- [Your instructions]: Find every line in the records below that contains the word "Open", and copy each such line.

☆ ☆ ☆ ☆

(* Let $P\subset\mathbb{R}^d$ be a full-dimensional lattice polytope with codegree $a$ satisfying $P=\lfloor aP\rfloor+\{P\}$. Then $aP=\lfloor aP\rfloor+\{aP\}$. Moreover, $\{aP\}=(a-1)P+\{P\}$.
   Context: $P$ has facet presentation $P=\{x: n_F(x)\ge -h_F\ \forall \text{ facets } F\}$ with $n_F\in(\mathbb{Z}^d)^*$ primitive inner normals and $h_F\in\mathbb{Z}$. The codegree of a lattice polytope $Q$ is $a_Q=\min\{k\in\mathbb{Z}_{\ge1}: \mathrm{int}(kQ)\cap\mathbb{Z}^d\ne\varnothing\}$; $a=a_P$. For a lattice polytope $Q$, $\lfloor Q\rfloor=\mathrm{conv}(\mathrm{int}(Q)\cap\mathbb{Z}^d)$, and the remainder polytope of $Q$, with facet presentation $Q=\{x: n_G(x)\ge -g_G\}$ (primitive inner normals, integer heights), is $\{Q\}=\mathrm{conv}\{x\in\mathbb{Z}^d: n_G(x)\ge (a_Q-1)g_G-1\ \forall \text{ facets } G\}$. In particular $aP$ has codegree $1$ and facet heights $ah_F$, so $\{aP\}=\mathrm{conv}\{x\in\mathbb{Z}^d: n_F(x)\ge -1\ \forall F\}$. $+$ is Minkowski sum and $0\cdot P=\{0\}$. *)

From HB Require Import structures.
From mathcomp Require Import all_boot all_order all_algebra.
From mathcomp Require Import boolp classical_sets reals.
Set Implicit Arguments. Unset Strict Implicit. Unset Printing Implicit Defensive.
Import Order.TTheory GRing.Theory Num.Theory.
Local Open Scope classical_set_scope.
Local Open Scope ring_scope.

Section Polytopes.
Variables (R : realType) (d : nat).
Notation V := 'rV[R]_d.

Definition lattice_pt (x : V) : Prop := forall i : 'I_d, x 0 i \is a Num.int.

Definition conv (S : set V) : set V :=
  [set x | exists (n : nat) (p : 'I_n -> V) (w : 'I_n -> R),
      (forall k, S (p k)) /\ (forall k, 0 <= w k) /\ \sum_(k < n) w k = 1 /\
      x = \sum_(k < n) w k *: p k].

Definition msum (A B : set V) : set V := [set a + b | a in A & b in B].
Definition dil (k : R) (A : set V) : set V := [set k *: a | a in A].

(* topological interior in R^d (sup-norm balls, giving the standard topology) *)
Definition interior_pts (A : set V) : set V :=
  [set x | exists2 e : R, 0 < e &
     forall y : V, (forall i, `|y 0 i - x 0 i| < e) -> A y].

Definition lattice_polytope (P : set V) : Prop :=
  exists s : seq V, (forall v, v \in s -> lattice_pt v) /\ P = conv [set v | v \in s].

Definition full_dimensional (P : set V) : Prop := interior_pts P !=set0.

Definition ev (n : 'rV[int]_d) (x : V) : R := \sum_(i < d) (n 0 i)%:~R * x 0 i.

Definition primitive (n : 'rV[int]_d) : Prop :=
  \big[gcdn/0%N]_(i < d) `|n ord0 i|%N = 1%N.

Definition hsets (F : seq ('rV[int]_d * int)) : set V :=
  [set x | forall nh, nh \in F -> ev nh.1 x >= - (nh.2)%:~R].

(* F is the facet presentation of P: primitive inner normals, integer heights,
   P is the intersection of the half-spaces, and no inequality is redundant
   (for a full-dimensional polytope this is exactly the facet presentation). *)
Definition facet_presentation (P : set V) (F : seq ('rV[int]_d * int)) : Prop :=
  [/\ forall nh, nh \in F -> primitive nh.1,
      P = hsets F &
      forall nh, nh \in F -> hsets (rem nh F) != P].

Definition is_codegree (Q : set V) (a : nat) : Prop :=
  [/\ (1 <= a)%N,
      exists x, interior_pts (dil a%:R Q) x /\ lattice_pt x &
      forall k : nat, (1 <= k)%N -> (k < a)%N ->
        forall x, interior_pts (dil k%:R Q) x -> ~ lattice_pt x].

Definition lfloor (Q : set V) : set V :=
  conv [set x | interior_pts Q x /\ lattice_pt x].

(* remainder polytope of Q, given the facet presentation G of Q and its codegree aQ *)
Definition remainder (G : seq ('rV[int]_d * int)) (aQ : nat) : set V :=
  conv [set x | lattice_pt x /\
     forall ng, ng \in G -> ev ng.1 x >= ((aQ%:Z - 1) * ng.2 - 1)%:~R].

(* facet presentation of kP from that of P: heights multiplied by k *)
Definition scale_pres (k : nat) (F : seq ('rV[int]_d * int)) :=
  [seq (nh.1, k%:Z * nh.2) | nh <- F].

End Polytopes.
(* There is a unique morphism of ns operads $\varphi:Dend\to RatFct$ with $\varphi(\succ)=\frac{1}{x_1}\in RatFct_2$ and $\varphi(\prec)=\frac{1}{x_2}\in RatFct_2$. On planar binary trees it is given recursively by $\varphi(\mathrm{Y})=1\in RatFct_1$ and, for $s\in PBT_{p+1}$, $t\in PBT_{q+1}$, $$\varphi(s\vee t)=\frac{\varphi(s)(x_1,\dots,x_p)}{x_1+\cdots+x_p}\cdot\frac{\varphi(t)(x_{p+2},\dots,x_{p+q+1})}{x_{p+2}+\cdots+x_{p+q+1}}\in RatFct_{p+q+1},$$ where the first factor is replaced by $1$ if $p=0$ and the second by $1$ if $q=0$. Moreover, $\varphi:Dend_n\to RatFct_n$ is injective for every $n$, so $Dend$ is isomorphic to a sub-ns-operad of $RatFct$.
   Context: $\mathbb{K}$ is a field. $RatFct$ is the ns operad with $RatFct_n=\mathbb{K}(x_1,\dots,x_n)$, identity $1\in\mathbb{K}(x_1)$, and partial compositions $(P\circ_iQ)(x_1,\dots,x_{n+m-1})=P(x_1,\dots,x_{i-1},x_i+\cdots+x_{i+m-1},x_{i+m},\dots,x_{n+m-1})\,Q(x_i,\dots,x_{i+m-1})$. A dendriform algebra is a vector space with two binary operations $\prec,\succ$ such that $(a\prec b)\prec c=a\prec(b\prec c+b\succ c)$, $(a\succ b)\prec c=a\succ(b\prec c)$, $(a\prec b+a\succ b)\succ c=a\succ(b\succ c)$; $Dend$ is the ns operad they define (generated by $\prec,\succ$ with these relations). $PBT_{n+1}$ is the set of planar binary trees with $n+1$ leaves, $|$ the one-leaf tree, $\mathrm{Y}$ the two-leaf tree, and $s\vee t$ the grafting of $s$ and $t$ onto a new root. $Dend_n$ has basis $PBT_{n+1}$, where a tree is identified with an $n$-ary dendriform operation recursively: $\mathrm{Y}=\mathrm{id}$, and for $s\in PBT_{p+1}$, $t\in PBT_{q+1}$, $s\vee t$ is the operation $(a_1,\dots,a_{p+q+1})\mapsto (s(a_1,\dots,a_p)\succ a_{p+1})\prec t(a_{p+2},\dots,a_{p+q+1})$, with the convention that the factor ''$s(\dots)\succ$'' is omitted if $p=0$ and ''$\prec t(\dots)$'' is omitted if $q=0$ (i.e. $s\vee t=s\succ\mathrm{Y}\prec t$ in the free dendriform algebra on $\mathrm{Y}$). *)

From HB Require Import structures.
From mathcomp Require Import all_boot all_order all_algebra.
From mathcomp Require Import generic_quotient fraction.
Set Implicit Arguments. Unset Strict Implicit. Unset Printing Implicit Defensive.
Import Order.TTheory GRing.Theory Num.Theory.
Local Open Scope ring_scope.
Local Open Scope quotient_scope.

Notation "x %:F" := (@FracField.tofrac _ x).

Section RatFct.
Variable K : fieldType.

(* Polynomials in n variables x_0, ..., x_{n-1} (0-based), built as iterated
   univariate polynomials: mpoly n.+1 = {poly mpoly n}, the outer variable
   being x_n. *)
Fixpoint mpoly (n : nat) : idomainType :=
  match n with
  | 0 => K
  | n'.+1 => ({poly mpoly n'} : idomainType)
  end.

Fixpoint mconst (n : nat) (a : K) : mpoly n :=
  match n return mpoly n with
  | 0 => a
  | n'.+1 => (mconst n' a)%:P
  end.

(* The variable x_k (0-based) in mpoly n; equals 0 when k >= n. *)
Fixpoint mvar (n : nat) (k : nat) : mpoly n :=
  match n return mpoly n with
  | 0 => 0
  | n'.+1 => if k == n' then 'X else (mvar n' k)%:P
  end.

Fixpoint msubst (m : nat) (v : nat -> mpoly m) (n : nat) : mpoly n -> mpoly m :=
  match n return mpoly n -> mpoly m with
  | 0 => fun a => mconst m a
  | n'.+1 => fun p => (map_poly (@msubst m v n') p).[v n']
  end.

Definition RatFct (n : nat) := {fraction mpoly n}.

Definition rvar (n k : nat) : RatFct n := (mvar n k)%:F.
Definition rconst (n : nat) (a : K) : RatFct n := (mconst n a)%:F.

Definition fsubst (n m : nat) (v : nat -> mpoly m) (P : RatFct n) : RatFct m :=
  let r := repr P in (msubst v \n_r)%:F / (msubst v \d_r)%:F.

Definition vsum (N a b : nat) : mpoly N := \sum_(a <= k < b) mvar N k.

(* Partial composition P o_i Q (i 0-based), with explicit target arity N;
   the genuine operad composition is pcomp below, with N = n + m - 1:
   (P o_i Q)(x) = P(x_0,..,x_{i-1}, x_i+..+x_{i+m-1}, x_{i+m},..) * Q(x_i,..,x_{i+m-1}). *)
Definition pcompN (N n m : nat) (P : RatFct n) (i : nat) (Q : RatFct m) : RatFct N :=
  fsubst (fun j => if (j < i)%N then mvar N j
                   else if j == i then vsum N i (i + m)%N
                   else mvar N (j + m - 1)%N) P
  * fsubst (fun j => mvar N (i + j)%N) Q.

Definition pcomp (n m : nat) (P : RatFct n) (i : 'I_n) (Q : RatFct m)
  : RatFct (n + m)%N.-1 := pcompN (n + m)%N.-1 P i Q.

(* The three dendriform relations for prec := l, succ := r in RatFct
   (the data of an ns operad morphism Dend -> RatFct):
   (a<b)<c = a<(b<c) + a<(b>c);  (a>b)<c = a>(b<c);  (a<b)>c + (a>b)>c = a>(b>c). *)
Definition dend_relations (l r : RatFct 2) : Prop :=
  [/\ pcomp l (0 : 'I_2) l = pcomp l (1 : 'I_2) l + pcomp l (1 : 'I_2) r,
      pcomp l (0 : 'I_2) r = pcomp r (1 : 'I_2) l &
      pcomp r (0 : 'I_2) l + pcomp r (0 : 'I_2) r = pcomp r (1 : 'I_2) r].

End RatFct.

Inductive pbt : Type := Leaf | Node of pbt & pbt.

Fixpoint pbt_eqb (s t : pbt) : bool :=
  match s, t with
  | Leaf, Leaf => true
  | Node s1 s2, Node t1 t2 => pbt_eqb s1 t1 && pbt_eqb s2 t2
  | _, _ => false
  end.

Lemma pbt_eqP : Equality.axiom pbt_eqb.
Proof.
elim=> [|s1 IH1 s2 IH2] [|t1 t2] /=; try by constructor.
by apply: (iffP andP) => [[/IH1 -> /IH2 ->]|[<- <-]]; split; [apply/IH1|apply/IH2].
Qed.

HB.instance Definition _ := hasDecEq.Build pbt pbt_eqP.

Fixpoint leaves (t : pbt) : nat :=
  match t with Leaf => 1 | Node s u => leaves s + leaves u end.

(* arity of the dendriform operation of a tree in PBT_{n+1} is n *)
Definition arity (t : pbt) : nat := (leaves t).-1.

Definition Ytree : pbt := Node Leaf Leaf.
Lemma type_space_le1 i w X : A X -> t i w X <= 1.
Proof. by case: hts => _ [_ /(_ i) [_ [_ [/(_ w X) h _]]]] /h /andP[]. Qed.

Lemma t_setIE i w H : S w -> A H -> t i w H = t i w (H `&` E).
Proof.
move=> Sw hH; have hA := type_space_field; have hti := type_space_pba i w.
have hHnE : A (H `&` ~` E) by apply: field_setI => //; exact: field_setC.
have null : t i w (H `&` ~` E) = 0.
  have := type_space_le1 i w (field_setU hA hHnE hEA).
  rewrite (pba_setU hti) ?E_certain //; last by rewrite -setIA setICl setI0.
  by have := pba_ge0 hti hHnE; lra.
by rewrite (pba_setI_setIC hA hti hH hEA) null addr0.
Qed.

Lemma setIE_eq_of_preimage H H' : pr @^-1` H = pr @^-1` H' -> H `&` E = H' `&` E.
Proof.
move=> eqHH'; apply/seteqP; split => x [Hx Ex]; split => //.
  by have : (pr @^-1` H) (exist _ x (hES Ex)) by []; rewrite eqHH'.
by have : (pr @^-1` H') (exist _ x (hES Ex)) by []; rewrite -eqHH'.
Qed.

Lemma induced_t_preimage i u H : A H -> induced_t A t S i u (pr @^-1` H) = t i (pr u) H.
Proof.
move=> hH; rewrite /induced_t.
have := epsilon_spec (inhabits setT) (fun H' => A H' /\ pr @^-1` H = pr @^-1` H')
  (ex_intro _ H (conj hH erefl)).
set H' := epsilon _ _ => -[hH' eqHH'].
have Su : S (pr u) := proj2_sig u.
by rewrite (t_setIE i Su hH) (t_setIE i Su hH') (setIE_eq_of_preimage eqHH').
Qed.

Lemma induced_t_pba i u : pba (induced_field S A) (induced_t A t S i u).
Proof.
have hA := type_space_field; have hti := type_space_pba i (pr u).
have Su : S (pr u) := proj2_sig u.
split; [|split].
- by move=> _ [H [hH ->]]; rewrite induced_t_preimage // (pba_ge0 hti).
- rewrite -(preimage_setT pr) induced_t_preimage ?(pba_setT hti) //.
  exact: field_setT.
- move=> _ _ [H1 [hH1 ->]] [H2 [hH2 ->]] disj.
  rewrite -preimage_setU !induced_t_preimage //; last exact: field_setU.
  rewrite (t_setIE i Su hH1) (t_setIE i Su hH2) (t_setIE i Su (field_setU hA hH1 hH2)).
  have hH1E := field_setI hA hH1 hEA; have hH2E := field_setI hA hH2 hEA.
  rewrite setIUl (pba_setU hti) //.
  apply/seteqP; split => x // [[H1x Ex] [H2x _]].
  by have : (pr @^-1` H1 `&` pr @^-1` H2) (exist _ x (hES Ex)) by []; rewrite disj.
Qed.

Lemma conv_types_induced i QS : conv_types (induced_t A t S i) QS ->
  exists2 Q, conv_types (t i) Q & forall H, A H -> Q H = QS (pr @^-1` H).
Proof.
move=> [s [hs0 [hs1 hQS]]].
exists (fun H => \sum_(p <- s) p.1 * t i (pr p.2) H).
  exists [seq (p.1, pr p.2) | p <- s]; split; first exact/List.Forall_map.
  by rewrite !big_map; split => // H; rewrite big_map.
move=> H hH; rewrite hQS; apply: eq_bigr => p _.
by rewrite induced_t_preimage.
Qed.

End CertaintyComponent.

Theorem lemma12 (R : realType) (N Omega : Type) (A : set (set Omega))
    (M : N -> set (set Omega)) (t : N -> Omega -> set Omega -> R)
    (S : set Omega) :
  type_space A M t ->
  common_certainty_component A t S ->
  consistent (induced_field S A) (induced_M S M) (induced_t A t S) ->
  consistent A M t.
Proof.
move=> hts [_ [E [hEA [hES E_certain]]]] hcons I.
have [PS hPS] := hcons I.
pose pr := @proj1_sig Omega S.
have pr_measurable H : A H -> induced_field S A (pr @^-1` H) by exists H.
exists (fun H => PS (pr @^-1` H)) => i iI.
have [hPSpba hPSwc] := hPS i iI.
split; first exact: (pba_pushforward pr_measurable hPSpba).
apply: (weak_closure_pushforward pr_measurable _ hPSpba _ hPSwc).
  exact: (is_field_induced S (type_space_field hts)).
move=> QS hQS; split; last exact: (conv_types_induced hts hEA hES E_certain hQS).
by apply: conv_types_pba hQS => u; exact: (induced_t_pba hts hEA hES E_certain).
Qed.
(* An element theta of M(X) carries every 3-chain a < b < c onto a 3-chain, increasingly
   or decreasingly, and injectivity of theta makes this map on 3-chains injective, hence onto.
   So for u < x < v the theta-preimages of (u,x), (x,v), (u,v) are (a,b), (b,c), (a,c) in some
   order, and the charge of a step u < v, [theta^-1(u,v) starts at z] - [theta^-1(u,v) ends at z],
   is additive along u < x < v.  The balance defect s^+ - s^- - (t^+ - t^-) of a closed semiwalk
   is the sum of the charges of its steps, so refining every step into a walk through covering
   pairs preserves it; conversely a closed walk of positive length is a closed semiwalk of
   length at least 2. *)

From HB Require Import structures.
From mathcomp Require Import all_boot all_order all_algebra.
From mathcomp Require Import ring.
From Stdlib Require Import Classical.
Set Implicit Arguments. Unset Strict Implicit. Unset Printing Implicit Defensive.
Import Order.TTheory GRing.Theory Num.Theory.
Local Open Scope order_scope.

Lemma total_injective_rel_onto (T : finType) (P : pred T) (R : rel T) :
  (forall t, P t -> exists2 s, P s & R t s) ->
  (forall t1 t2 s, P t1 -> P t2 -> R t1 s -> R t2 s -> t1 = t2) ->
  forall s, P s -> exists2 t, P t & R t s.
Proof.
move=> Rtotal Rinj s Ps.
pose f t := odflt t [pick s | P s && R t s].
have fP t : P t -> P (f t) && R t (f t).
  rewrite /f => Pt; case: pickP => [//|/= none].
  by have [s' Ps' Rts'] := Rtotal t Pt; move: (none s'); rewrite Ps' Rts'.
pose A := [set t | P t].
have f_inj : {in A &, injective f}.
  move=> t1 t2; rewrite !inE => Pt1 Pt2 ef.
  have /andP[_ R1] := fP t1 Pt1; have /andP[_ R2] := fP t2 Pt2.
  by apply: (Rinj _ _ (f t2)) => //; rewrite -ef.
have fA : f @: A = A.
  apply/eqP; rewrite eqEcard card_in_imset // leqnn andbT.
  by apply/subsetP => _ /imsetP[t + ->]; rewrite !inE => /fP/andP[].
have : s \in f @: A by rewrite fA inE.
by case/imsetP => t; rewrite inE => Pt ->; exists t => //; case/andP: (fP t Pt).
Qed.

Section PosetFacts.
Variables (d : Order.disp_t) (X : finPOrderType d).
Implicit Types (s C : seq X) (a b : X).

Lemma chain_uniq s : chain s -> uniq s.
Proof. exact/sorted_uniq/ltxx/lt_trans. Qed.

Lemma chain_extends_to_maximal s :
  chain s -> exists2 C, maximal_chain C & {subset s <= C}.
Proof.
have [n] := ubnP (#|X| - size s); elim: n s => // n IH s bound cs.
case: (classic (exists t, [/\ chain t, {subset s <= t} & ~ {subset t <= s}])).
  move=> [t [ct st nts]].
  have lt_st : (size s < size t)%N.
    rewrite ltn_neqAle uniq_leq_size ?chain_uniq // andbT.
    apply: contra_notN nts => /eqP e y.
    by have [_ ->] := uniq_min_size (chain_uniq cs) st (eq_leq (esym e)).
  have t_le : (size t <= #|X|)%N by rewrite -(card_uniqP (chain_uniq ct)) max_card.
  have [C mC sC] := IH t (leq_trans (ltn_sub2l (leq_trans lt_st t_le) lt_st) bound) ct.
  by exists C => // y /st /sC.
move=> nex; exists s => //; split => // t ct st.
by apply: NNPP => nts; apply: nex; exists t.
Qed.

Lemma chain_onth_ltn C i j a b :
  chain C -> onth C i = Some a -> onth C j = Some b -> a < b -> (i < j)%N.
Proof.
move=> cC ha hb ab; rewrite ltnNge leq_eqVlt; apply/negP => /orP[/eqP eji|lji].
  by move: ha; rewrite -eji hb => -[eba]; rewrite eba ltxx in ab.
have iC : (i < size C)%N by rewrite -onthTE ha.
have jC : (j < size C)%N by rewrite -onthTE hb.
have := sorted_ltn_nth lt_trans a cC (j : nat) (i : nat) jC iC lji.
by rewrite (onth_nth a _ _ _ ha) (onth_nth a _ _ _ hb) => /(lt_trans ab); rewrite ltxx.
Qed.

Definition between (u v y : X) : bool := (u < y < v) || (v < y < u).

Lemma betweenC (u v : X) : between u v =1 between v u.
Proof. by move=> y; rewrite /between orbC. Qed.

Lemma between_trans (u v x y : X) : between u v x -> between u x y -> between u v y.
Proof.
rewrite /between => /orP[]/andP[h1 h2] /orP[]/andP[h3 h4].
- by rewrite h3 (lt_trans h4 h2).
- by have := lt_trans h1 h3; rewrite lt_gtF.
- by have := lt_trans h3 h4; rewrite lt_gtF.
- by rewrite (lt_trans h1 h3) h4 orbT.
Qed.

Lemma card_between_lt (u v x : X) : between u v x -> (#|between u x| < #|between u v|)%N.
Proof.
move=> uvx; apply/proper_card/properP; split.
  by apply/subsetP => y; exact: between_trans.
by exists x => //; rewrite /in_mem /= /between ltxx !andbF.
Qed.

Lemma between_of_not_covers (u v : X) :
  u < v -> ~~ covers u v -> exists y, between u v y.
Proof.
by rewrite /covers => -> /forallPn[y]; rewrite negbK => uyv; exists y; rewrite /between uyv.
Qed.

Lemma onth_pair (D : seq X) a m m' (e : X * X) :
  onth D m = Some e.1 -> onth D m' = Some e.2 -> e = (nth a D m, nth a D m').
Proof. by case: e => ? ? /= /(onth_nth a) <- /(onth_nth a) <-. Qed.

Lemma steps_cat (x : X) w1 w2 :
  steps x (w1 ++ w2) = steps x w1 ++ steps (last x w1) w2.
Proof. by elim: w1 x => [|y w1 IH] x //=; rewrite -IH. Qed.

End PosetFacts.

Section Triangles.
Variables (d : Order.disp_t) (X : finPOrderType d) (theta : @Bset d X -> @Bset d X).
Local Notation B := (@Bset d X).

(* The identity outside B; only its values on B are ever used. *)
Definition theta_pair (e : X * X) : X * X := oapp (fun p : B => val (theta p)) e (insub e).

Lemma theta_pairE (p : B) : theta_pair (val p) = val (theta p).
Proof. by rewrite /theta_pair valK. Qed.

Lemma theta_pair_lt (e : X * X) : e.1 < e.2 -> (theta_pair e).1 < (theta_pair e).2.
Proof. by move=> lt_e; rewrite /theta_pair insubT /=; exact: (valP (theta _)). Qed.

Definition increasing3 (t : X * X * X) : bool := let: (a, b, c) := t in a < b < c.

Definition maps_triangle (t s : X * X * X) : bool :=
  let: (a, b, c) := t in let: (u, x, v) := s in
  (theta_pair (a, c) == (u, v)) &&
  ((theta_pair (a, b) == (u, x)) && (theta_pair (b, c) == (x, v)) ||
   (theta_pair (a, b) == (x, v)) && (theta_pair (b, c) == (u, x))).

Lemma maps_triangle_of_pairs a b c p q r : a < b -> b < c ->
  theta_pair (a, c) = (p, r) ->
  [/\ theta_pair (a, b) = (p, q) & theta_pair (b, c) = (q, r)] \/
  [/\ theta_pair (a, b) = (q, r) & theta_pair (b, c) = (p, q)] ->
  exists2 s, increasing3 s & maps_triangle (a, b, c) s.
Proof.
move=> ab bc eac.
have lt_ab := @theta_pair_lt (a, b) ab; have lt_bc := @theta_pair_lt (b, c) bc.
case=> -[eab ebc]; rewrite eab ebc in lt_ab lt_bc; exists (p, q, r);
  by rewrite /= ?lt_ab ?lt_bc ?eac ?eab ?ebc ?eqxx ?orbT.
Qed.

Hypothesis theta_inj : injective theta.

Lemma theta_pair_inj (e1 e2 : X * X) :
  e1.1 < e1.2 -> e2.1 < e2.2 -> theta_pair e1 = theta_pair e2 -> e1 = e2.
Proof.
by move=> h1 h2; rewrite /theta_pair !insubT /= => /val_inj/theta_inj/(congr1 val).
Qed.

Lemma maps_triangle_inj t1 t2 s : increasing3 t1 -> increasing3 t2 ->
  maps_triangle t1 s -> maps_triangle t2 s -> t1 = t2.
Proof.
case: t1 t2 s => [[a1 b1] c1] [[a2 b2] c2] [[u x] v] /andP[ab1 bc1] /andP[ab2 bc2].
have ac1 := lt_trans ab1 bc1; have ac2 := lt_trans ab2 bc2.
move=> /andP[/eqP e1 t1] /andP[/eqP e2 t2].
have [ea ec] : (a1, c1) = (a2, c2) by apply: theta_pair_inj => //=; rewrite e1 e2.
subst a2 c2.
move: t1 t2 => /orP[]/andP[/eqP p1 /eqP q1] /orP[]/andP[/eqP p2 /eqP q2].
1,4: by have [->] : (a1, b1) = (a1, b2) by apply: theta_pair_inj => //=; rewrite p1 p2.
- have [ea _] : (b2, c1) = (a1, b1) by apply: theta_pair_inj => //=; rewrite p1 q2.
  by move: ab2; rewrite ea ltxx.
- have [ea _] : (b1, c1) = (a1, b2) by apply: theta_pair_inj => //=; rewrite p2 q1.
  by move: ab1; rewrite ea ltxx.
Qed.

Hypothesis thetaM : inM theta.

☆ ☆ ☆ ☆

- [Response box]:
Local Open Scope classical_set_scope.
Local Open Scope ring_scope.
Local Open Scope ring_scope.
Local Open Scope quotient_scope.
Local Open Scope order_scope.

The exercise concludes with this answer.